Do you have any idea how can I do this??? or Already there are one plugin capable to do this???? 

Thanks a lot. 

----- Mensaje original -----

De: "Lewis John Mcgibbney" <le...@gmail.com> 
Para: user@nutch.apache.org 
Enviados: Domingo, 1 de Mayo 2016 15:40:13 
Asunto: [MASSMAIL]Re: Priorize links in Fetching Step 

Hi Yulio, 

Marcus wrote the MimeAdaptiveFetchSchedule [0] implementation for exactly 
this purpose. 
You can utilize it as per [1] 

[0] 
https://github.com/apache/nutch/blob/master/src/java/org/apache/nutch/crawl/MimeAdaptiveFetchSchedule.java 
[1] 
https://github.com/apache/nutch/blob/master/conf/nutch-default.xml#L487-L492 

On Sun, May 1, 2016 at 7:43 AM, <us...@nutch.apache.org> wrote: 

> From: Yulio Aleman Jimenez <yu...@uci.cu> 
> To: user@nutch.apache.org 
> Cc: 
> Date: Fri, 29 Apr 2016 16:47:32 -0400 (CDT) 
> Subject: Priorize links in Fetching Step 
> Hi. 
> 
> I'm using Nutch 1.9 with Solr 4.10 in a local environment. 
> I need a way to priorize some links in the Fetching Steps, through 
> filtering the new links identified in the last crawls by some criterias, 
> for example the extension of the resource.
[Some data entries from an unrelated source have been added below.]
Lemma coefM_top_subn (R : comNzRingType) (p q : {poly R}) x y s s' :
  (size p <= x.+1 - s)%N -> (size q <= y.+1 - s')%N ->
  (size (p * q)%R <= (x + y).+1 - (s + s'))%N /\
  (p * q)`_(x + y - (s + s')) = p`_(x - s) * q`_(y - s').
Proof.
have [ltxs|lesx] := ltnP x s.
  have -> : (x.+1 - s = 0)%N by apply/eqP; rewrite subn_eq0.
  by rewrite leqn0 size_poly_eq0 => /eqP -> _; rewrite mul0r size_poly0 !coef0 mul0r.
have [ltys|lesy] := ltnP y s'.
  have -> : (y.+1 - s' = 0)%N by apply/eqP; rewrite subn_eq0.
  by move=> _; rewrite leqn0 size_poly_eq0 => /eqP ->; rewrite mulr0 size_poly0 !coef0 mulr0.
rewrite !subSn ?leq_add // => szp szq.
have -> : (x + y - (s + s') = (x - s) + (y - s'))%N by lia.
split; last exact: coefM_top.
by apply: leq_trans (size_mul_leq _ _) _; lia.
Qed.

Section TopPart.
Variables (R : comNzRingType) (n : nat).
Implicit Types (e d : 'I_n -> nat) (f g : mps {poly R} n).

Definition weight e := (\sum_(k < n) e k)%N.

(* The coefficient of [u^e] has degree at most [|e| - s] in the outer variable,
   and vanishes when [|e| < s]. *)
Definition graded s f := forall e, (size (f e) <= (weight e).+1 - s)%N.

Definition top_part s f : mps R n := fun e => (f e)`_(weight e - s).

Lemma weight_split e d : (forall k, d k <= e k)%N ->
  weight e = (weight d + weight (fun k => e k - d k))%N.
Proof. by move=> le_de; rewrite /weight -big_split; apply: eq_bigr => k _; rewrite /= subnKC. Qed.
The goal is priorize images, 
> documents, etc, before HTML pages in crawling process. 
> 
> Is there any property in nutch-site.xml or any plugin capable to do this?? 
> How can I do this??? 
> 
> I accept any sugestion, or some source code snippets for creating a new 
> plugin for nutch. 
> 
> Best regards 
> 
> -- 
> Ing. Yulio Aleman Jimenez 
> Dpto. Soluciones Informáticas para Internet. CIDI 
> Universidad de las Ciencias Informáticas (UCI) 
> 
> ----------------------------------------------------------------------------------------------------------------------------------- 
> "Podrán morir los hombres, PERO JAMÁS SUS IDEAS" 
> 
> 
> La UCI presente este 1ro. de Mayo en la Plaza de la Revolución 
> junto a todo el pueblo.¡Por Cuba: Unidad y Compromiso! 
> 
> 
> 

-- 
*Lewis* 

-- 
Ing. Yulio Aleman Jimenez 
Dpto. Soluciones Informáticas para Internet. CIDI 
Universidad de las Ciencias Informáticas (UCI) 
----------------------------------------------------------------------------------------------------------------------------------- 
"Podrán morir los hombres, PERO JAMÁS SUS IDEAS" 

La UCI presente este 1ro. de Mayo en la Plaza de la Revolución
junto a todo el pueblo.¡Por Cuba: Unidad y Compromiso!